**Exercise instructions:**
For the entries below, the result should be an exact transcription of the lines from the one with "have x_ne0 : symset x != set0." up to and including the one with "(* A new symbol", and only those.

........

(* Let $1\le t$ and $x_{1:t}\in\mathcal X^t$. Then for every $i\in\mathcal X$, $$P_{\mathrm{Bayes}}(x_{t+1}=i\mid x_{1:t}) = \begin{cases}\dfrac{n^t_i+\frac12}{t+\frac{m_t}2+\beta_t} & \text{if } n^t_i>0,\\[2ex] \dfrac{\beta_t/(D-m_t)}{t+\frac{m_t}2+\beta_t} & \text{if } n^t_i=0,\end{cases}\qquad \beta_t:=\frac{D-m_t}{2}\,\frac{\gamma^t_{m_t+1}}{\gamma^t_{m_t}},$$ where for $1\le k\le D$, $\gamma^t_k:=\sum_{m'=k}^{D}\binom{D-k}{m'-k}\binom{D}{m'}^{-1}\frac{\Gamma(\frac12 m')}{\Gamma(t+1+\frac12 m')}$ and $\gamma^t_{D+1}:=0$ (the second case arising only when $m_t<D$).
   Context: Let $\mathcal X$ be a finite alphabet of size $D$. For $x_{1:t}$, $n^t_i$ is the number of occurrences of $i$, $\mathcal A_t=\{x_1,\dots,x_t\}$, $m_t=|\mathcal A_t|$. For a nonempty $\mathcal A'\subseteq\mathcal X$, the KT estimator on $\mathcal A'$ assigns to a sequence $y_{1:s}$ the probability $P_{\mathrm{KT}_{\mathcal A'}}(y_{1:s})=\frac{\Gamma(|\mathcal A'|/2)}{\Gamma(s+|\mathcal A'|/2)}\prod_{i\in\mathcal A'}\frac{\Gamma(c_i+\frac12)}{\Gamma(\frac12)}$ if all symbols of $y_{1:s}$ lie in $\mathcal A'$ (with $c_i$ the count of $i$ in $y_{1:s}$), and $0$ otherwise. Bayesian sub-alphabet weighting: $P_{\mathrm{Bayes}}(y_{1:s})=\sum_{\emptyset\ne\mathcal A'\subseteq\mathcal X}\frac{1}{D\binom{D}{|\mathcal A'|}}P_{\mathrm{KT}_{\mathcal A'}}(y_{1:s})$, and $P_{\mathrm{Bayes}}(x_{t+1}=i\mid x_{1:t})=P_{\mathrm{Bayes}}(x_{1:t}i)/P_{\mathrm{Bayes}}(x_{1:t})$. *)

From HB Require Import structures.
From mathcomp Require Import all_boot all_order all_algebra.
Set Implicit Arguments. Unset Strict Implicit. Unset Printing Implicit Defensive.
Import Order.TTheory GRing.Theory Num.Theory.
Local Open Scope ring_scope.

(* An abstract Gamma function on a real field: any G with the functional
   equation G(x+1) = x G(x) and G(x) > 0 for x > 0 (the Euler Gamma function
   satisfies this).  Only ratios G(a+n)/G(a) with a > 0 occur below, and these
   are determined by the hypotheses. *)
Definition is_Gamma (R : realFieldType) (G : R -> R) : Prop :=
  (forall x : R, 0 < x -> G (x + 1) = x * G x) /\ (forall x : R, 0 < x -> 0 < G x).

Definition symset (X : finType) (x : seq X) : {set X} := [set z | z \in x].

Definition KT (R : realFieldType) (G : R -> R) (X : finType) (A : {set X}) (y : seq X) : R :=
  if all (fun z => z \in A) y then
    G (#|A|%:R / 2%:R) / G ((size y)%:R + #|A|%:R / 2%:R) *
    \prod_(i in A) (G ((count_mem i y)%:R + 2%:R^-1) / G (2%:R^-1))
  else 0.

Definition PBayes (R : realFieldType) (G : R -> R) (X : finType) (y : seq X) : R :=
  \sum_(A : {set X} | A != set0)
     (#|X|%:R * ('C(#|X|, #|A|))%:R)^-1 * KT G A y.

Definition PBayes_cond (R : realFieldType) (G : R -> R) (X : finType) (x : seq X) (i : X) : R :=
  PBayes G (rcons x i) / PBayes G x.

Definition gammaT (R : realFieldType) (G : R -> R) (X : finType) (t k : nat) : R :=
  if (k <= #|X|)%N then
    \sum_(k <= m' < #|X|.+1)
       ('C(#|X| - k, m' - k))%:R / ('C(#|X|, m'))%:R *
       (G (m'%:R / 2%:R) / G (t.+1%:R + m'%:R / 2%:R))
  else 0.

Definition betaT (R : realFieldType) (G : R -> R) (X : finType) (t m : nat) : R :=
  (#|X|%:R - m%:R) / 2%:R * (gammaT G X t m.+1 / gammaT G X t m).

From HB Require Import structures.
From mathcomp Require Import all_boot all_order all_algebra.
From mathcomp Require Import ring.
Import Order.TTheory GRing.Theory Num.Theory.
Set Implicit Arguments. Unset Strict Implicit.
Local Open Scope ring_scope.

(* Write D = #|X|, m = #|A_t| and K(y) = prod_{j in X} G(c_j + 1/2)/G(1/2),
   the count factor shared by all the KT estimators that give y positive
   weight (symbols absent from y contribute 1).  The proof has three parts.
   1. Counting: a sum over the supersets A of A_t of a function of |A| is a
      binomially weighted sum over |A| = m + j; hence
        P_Bayes(y) = K(y)/D * Gsum(|y|, |A(y)|),
      where Gsum(s, k) = sum_j C(D-k, j)/C(D, k+j) * G((k+j)/2)/G(s+(k+j)/2)
      and gamma^t_k = Gsum(t+1, k) for every k (also k = D+1, where it is 0).
   2. Recursion: G(x+1) = x G(x) together with j C(n, j) = n C(n-1, j-1)
      gives Gsum(s, m) = (s + m/2) Gsum(s+1, m) + (D-m)/2 Gsum(s+1, m+1),
      i.e. Gsum(t, m) = (t + m/2 + beta_t) * gamma^t_m.
   3. Prediction: K(x_{1:t} i) = K(x_{1:t}) (n_i + 1/2), so the conditional
      is (n_i + 1/2) Gsum(t+1, |A_t u {i}|) / Gsum(t, m); dividing by the
      recursion yields the two cases of the theorem. *)

(* Summing a function of the cardinality over the subsets of C groups the
   subsets by size. *)
Lemma sum_subsets_card (R : pzSemiRingType) (X : finType) (C : {set X})
    (g : nat -> R) :
  \sum_(B : {set X} | B \subset C) g #|B| =
  \sum_(k < #|C|.+1) ('C(#|C|, k))%:R * g k.
Proof.
transitivity (\sum_(B : {set X} | B \subset C)
                \sum_(k < #|C|.+1) (if #|B| == k then g k else 0)).
  apply: eq_bigr => B sBC.
  have hB : (#|B| < #|C|.+1)%N by rewrite ltnS subset_leq_card.
  rewrite (bigD1 (Ordinal hB)) //= eqxx big1 ?addr0 // => k.
  by rewrite -val_eqE /= eq_sym => /negbTE ->.
rewrite exchange_big; apply: eq_bigr => k _.
rewrite -big_mkcondr /= -cards_draws -sum1dep_card natr_sum mulr_suml.
by apply: eq_bigr => B _; rewrite mul1r.
Qed.

(* Dually, the supersets of S are S :|: B for the subsets B of ~: S. *)
Lemma sum_supsets_card (R : pzSemiRingType) (X : finType) (S : {set X})
    (h : nat -> R) :
  \sum_(A : {set X} | S \subset A) h #|A| =
  \sum_(j < (#|X| - #|S|).+1) ('C(#|X| - #|S|, j))%:R * h (#|S| + j)%N.
Proof.
rewrite (reindex_onto (fun B => S :|: B) (fun A => A :\: S)) /=; last first.
  move=> A sSA; apply/setP => z; rewrite !inE.
  by case: (boolP (z \in S)) => //= zS; rewrite (subsetP sSA).
have -> : (#|X| - #|S|)%N = #|~: S| by rewrite -(cardsC S) addKn.
rewrite -(sum_subsets_card (~: S) (fun k => h (#|S| + k)%N)).
apply: eq_big => B.
  rewrite subsetUl /=; apply/eqP/subsetP.
    by move=> <- z; rewrite !inE; case: (z \in S).
  move=> sBS; apply/setP => z; rewrite !inE.
  case: (boolP (z \in B)) => zB /=; last by rewrite ?andbF; case: (z \in S).
  by rewrite orbT andbT; have := sBS z zB; rewrite inE.
move=> /andP [_ /eqP defB]; congr h.
rewrite -cardsUI; suff -> : S :&: B = set0 by rewrite cards0 addn0.
apply/setP => z; rewrite !inE; apply/negP => /andP [zS zB].
by move: zB; rewrite -defB !inE zS.
Qed.

Lemma sum_absorb_binomial (R : pzSemiRingType) (n : nat) (f : nat -> R) :
  \sum_(j < n.+1) j%:R * ('C(n, j))%:R * f j =
  n%:R * \sum_(j < n) ('C(n.-1, j))%:R * f j.+1.
Proof.
rewrite big_ord_recl /= !mul0r add0r mulr_sumr; apply: eq_bigr => j _.
by rewrite /bump /= add1n -natrM -mul_bin_diag natrM mulrA.
Qed.

Section GammaRatios.

Variables (R : realFieldType) (G : R -> R).
Hypothesis hG : is_Gamma G.

Lemma Gamma_ratio_shift (a s : R) : 0 < s + a ->
  G a / G (s + a) = (s + a) * (G a / G (s + 1 + a)).
Proof.
move=> sa_gt0; have [Gfun Gpos] := hG.
rewrite addrAC Gfun //; have Gsa_neq0 : G (s + a) != 0 by rewrite gt_eqF ?Gpos.
by field; rewrite Gsa_neq0 gt_eqF.
Qed.

Lemma Gamma_ratio_gt0 (a b : R) : 0 < a -> 0 < b -> 0 < G a / G b.
Proof. by have [_ Gpos] := hG => a_gt0 b_gt0; rewrite divr_gt0 ?Gpos. Qed.

End GammaRatios.

Definition count_factor (R : realFieldType) (G : R -> R) (X : finType)
    (y : seq X) : R :=
  \prod_(j : X) (G ((count_mem j y)%:R + 2%:R^-1) / G (2%:R^-1)).

Lemma all_in_symset (X : finType) (A : {set X}) (y : seq X) :
  all (fun z => z \in A) y = (symset y \subset A).
Proof.
apply/allP/subsetP => H z; last by move=> zy; apply: H; rewrite inE.
by rewrite inE => /H.
Qed.

(* D times the total prior-weighted KT normalisation G(|A|/2)/G(s+|A|/2)
   over the alphabets A containing k fixed symbols, grouped by |A| = k + j;
   s is the sequence length.  For k > D the only term has C(D, k) = 0, so
   Gsum vanishes there. *)
Definition Gsum (R : realFieldType) (G : R -> R) (X : finType) (s : R)
    (k : nat) : R :=
  \sum_(j < (#|X| - k).+1) ('C(#|X| - k, j))%:R / ('C(#|X|, k + j))%:R *
     (G ((k + j)%N%:R / 2%:R) / G (s + (k + j)%N%:R / 2%:R)).

Lemma gammaT_Gsum (R : realFieldType) (G : R -> R) (X : finType) (t k : nat) :
  gammaT G X t k = Gsum G X t.+1%:R k.
Proof.
rewrite /gammaT /Gsum; case: leqP => [kD | Dk].
  rewrite -{1}(add0n k) big_addn subSn // big_mkord; apply: eq_bigr => j _.
  by rewrite addnK addnC.
rewrite (eqP (ltnW Dk : (#|X| - k == 0)%N)) big_ord1 addn0 (bin_small Dk).
by rewrite invr0 !mulr0 mul0r.
Qed.

Section BayesMixture.

Variables (R : realFieldType) (G : R -> R) (X : finType).
Hypothesis hG : is_Gamma G.

Lemma KT_factor (A : {set X}) (y : seq X) :
  KT G A y = if symset y \subset A then
    G (#|A|%:R / 2%:R) / G ((size y)%:R + #|A|%:R / 2%:R) * count_factor G y
  else 0.
Proof.
rewrite /KT all_in_symset; case: ifP => // sA; congr (_ * _).
rewrite /count_factor [RHS](bigID (mem A)) /= [X in _ = _ * X]big1 ?mulr1 //.
move=> j jA; have jy : j \notin y.
  by apply/negP => jy; move: jA; rewrite (subsetP sA) // inE.
have [_ Gpos] := hG.
by rewrite (count_memPn jy) add0r divff // gt_eqF ?Gpos // invr_gt0 ltr0n.
Qed.

Lemma PBayes_Gsum (y : seq X) : symset y != set0 ->
  PBayes G y = count_factor G y / #|X|%:R * Gsum G X (size y)%:R #|symset y|.
Proof.
move=> y_ne0.
have -> : PBayes G y = count_factor G y *
    \sum_(A : {set X} | symset y \subset A)
      ((#|X|%:R * ('C(#|X|, #|A|))%:R)^-1 *
       (G (#|A|%:R / 2%:R) / G ((size y)%:R + #|A|%:R / 2%:R))).
  rewrite /PBayes mulr_sumr big_mkcond [RHS]big_mkcond /=.
  apply: eq_bigr => A _; rewrite KT_factor.
  case: (boolP (symset y \subset A)) => sA; last by rewrite mulr0 if_same.
  have -> : A != set0.
    by apply: contraNneq y_ne0 => A0; rewrite -subset0 -A0.
  by rewrite [RHS]mulrC mulrA.
rewrite (sum_supsets_card (symset y) (fun a => (#|X|%:R * ('C(#|X|, a))%:R)^-1 *
     (G (a%:R / 2%:R) / G ((size y)%:R + a%:R / 2%:R)))).
rewrite /Gsum -mulrA [X in _ = _ * X]mulr_sumr; congr (_ * _).
apply: eq_bigr => j _.
by rewrite invfM; ring.
Qed.

End BayesMixture.

Section GsumRecursion.

Variables (R : realFieldType) (G : R -> R) (X : finType).
Hypothesis hG : is_Gamma G.

(* Each Gamma ratio gains
   the factor s + (m+j)/2; the j/2 part is absorbed into the binomial
   C(D-m, j) and turns the remaining sum into Gsum(s+1, m+1). *)
Lemma Gsum_rec (s : R) (m : nat) : 0 <= s -> (1 <= m)%N ->
  Gsum G X s m = (s + m%:R / 2%:R) * Gsum G X (s + 1) m +
                 (#|X| - m)%N%:R / 2%:R * Gsum G X (s + 1) m.+1.
Proof.
move=> s_ge0 m_ge1; rewrite /Gsum.
set g := fun j : nat => (('C(#|X|, m + j))%:R)^-1 *
  (G ((m + j)%N%:R / 2%:R) / G (s + 1 + (m + j)%N%:R / 2%:R)).
transitivity (\sum_(j < (#|X| - m).+1)
   ((s + m%:R / 2%:R) * (('C(#|X| - m, j))%:R * g j) +
    j%:R * ('C(#|X| - m, j))%:R * (g j / 2%:R))).
  apply: eq_bigr => j _; have mj_gt0 : (0 : R) < (m + j)%N%:R / 2%:R.
    by rewrite divr_gt0 // ltr0n (leq_trans m_ge1) ?leq_addr.
  by rewrite (Gamma_ratio_shift hG) ?ltr_wpDl // /g natrD; ring.
rewrite big_split /= -mulr_sumr (sum_absorb_binomial _ (fun j => g j / 2%:R)).
congr (_ + _).
  by apply: congr1; apply: eq_bigr => j _; rewrite /g mulrA.
rewrite subnS; case: (#|X| - m)%N => [|n]; first by rewrite !mul0r.
rewrite /= [RHS]mulr_sumr mulr_sumr; apply: eq_bigr => j _.
by rewrite /g -addSnnS; ring.
Qed.

(* For 1 <= k <= D the leading term (j = 0) is positive. *)
Lemma Gsum_gt0 (s : R) (k : nat) : 0 <= s -> (1 <= k <= #|X|)%N ->
  0 < Gsum G X s k.
Proof.
move=> s_ge0 /andP [k_ge1 kD].
have ratio_gt0 (a : nat) : (1 <= a)%N ->
    (0 : R) < G (a%:R / 2%:R) / G (s + a%:R / 2%:R).
  move=> a_ge1; have a_gt0 : (0 : R) < a%:R / 2%:R by rewrite divr_gt0 ?ltr0n.
  by rewrite (Gamma_ratio_gt0 hG) ?ltr_wpDl.
rewrite /Gsum big_ord_recl /=; apply: ltr_wpDr.
  apply: sumr_ge0 => j _; apply: mulr_ge0; first by rewrite divr_ge0 ?ler0n.
  by apply/ltW/ratio_gt0; rewrite (leq_trans k_ge1) ?leq_addr.
by rewrite addn0 mulr_gt0 ?ratio_gt0 // divr_gt0 ?ltr0n ?bin_gt0.
Qed.

Lemma Gsum_betaT (t m : nat) : (1 <= m <= #|X|)%N ->
  Gsum G X t%:R m = (t%:R + m%:R / 2%:R + betaT G X t m) * Gsum G X t.+1%:R m.
Proof.
move=> /andP [m_ge1 mD].
have g_neq0 : Gsum G X t.+1%:R m != 0 by rewrite gt_eqF ?Gsum_gt0 ?ler0n ?m_ge1.
rewrite /betaT !gammaT_Gsum -natrB // Gsum_rec ?ler0n // natr1.
by field.
Qed.

End GsumRecursion.

Lemma symset_rcons (X : finType) (x : seq X) (i : X) :
  symset (rcons x i) = i |: symset x.
Proof. by apply/setP => z; rewrite !inE mem_rcons in_cons. Qed.

Section Prediction.

Variables (R : realFieldType) (G : R -> R) (X : finType).
Hypothesis hG : is_Gamma G.

Lemma count_factor_rcons (x : seq X) (i : X) :
  count_factor G (rcons x i) = count_factor G x * ((count_mem i x)%:R + 2%:R^-1).
Proof.
have [Gfun _] := hG.
have count_rcons j : count_mem j (rcons x i) = (count_mem j x + (i == j))%N.
  by rewrite -cats1 count_cat /= addn0.
rewrite /count_factor (bigD1 i) //= [in RHS](bigD1 i) //= count_rcons eqxx.
rewrite addn1 -natr1 -addrAC Gfun ?ltr_wpDl ?ler0n ?invr_gt0 ?ltr0n //.
rewrite (eq_bigr (fun j => G ((count_mem j x)%:R + 2%:R^-1) / G (2%:R^-1))).
  by rewrite [RHS]mulrC !mulrA.
by move=> j ji; rewrite count_rcons eq_sym (negbTE ji) addn0.
Qed.

(* Every factor is a ratio of Gamma values at positive arguments. *)
Lemma count_factor_gt0 (y : seq X) : 0 < count_factor G y.
Proof.
have half_gt0 : (0 : R) < 2%:R^-1 by rewrite invr_gt0 ltr0n.
apply: prodr_gt0 => j _.
by rewrite (Gamma_ratio_gt0 hG) ?ltr_wpDl ?ler0n.
Qed.

Lemma PBayes_cond_Gsum (x : seq X) (i : X) : symset x != set0 ->
  PBayes_cond G x i = ((count_mem i x)%:R + 2%:R^-1) *
    Gsum G X (size x).+1%:R #|i |: symset x| / Gsum G X (size x)%:R #|symset x|.
Proof.
move=> x_ne0; have xi_ne0 : symset (rcons x i) != set0.
  by apply/set0Pn; exists i; rewrite symset_rcons setU11.
have D_neq0 : #|X|%:R != 0 :> R by rewrite pnatr_eq0 -lt0n; apply/card_gt0P; exists i.
have K_neq0 : count_factor G x != 0 by rewrite gt_eqF ?count_factor_gt0.
have g_neq0 : Gsum G X (size x)%:R #|symset x| != 0.
  by rewrite gt_eqF ?(Gsum_gt0 hG) ?ler0n ?card_gt0 ?x_ne0 ?max_card.
rewrite /PBayes_cond !PBayes_Gsum // count_factor_rcons size_rcons symset_rcons.
by field; rewrite g_neq0 D_neq0 K_neq0.
Qed.

End Prediction.

Theorem mainTheorem8 (R : realFieldType) (G : R -> R) (hG : is_Gamma G)
  (X : finType) (x : seq X) (ht : (1 <= size x)%N) (i : X) :
  let t := size x in
  let m := #|symset x| in
  let D := #|X| in
  let beta := betaT G X t m in
  PBayes_cond G x i =
    if (0 < count_mem i x)%N then
      ((count_mem i x)%:R + 2%:R^-1) / (t%:R + m%:R / 2%:R + beta)
    else
      (beta / (D%:R - m%:R)) / (t%:R + m%:R / 2%:R + beta).
Proof.
move=> t m D beta.
have x_ne0 : symset x != set0.
  by apply/set0Pn; exists (head i x); rewrite inE -nth0 mem_nth.
have m_range : (1 <= m <= D)%N by rewrite card_gt0 x_ne0 max_card.
have g_gt0 : 0 < Gsum G X t.+1%:R m by rewrite (Gsum_gt0 hG) ?ler0n.
have norm_gt0 : 0 < t%:R + m%:R / 2%:R + beta.
  have := Gsum_gt0 hG (ler0n _ t) m_range.
  by rewrite (Gsum_betaT hG _ m_range) pmulr_lgt0.
rewrite PBayes_cond_Gsum // (Gsum_betaT hG _ m_range) -/t -/m -/beta.
(* A seen symbol leaves the alphabet, hence Gsum(t+1, m), unchanged. *)
case: ifPn => [ci_gt0 | ci_eq0].
  have i_in : i \in symset x by rewrite inE -has_pred1 has_count.
  rewrite (setUidPr _) ?sub1set // -/m.
  by rewrite invfM mulrA mulrAC mulfK ?gt_eqF.
(* A new symbol enlarges the alphabet to m + 1 < D + 1, and beta_t/(D-m)
   is exactly (1/2) Gsum(t+1, m+1) / Gsum(t+1, m). *)
have i_out : i \notin symset x by rewrite inE -has_pred1 has_count.
have m_ltD : (m < D)%N by have := max_card (i |: symset x); rewrite cardsU1 i_out.
have beta_half : beta / (D%:R - m%:R) =
    2%:R^-1 * (Gsum G X t.+1%:R m.+1 / Gsum G X t.+1%:R m).
  rewrite /beta /betaT !gammaT_Gsum; field.
  by rewrite gt_eqF //= gt_eqF // subr_gt0 ltr_nat.
rewrite cardsU1 i_out add1n -/m beta_half (count_memPn _) ?add0r; last first.
  by move: i_out; rewrite inE.
by rewrite invfM !mulrA mulrAC.
Qed.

........

**Expected output:**
have x_ne0 : symset x != set0.
  by apply/set0Pn; exists (head i x); rewrite inE -nth0 mem_nth.
have m_range : (1 <= m <= D)%N by rewrite card_gt0 x_ne0 max_card.
have g_gt0 : 0 < Gsum G X t.+1%:R m by rewrite (Gsum_gt0 hG) ?ler0n.
have norm_gt0 : 0 < t%:R + m%:R / 2%:R + beta.
  have := Gsum_gt0 hG (ler0n _ t) m_range.
  by rewrite (Gsum_betaT hG _ m_range) pmulr_lgt0.
rewrite PBayes_cond_Gsum // (Gsum_betaT hG _ m_range) -/t -/m -/beta.
(* A seen symbol leaves the alphabet, hence Gsum(t+1, m), unchanged. *)
case: ifPn => [ci_gt0 | ci_eq0].
  have i_in : i \in symset x by rewrite inE -has_pred1 has_count.
  rewrite (setUidPr _) ?sub1set // -/m.
  by rewrite invfM mulrA mulrAC mulfK ?gt_eqF.
(* A new symbol enlarges the alphabet to m + 1 < D + 1, and beta_t/(D-m)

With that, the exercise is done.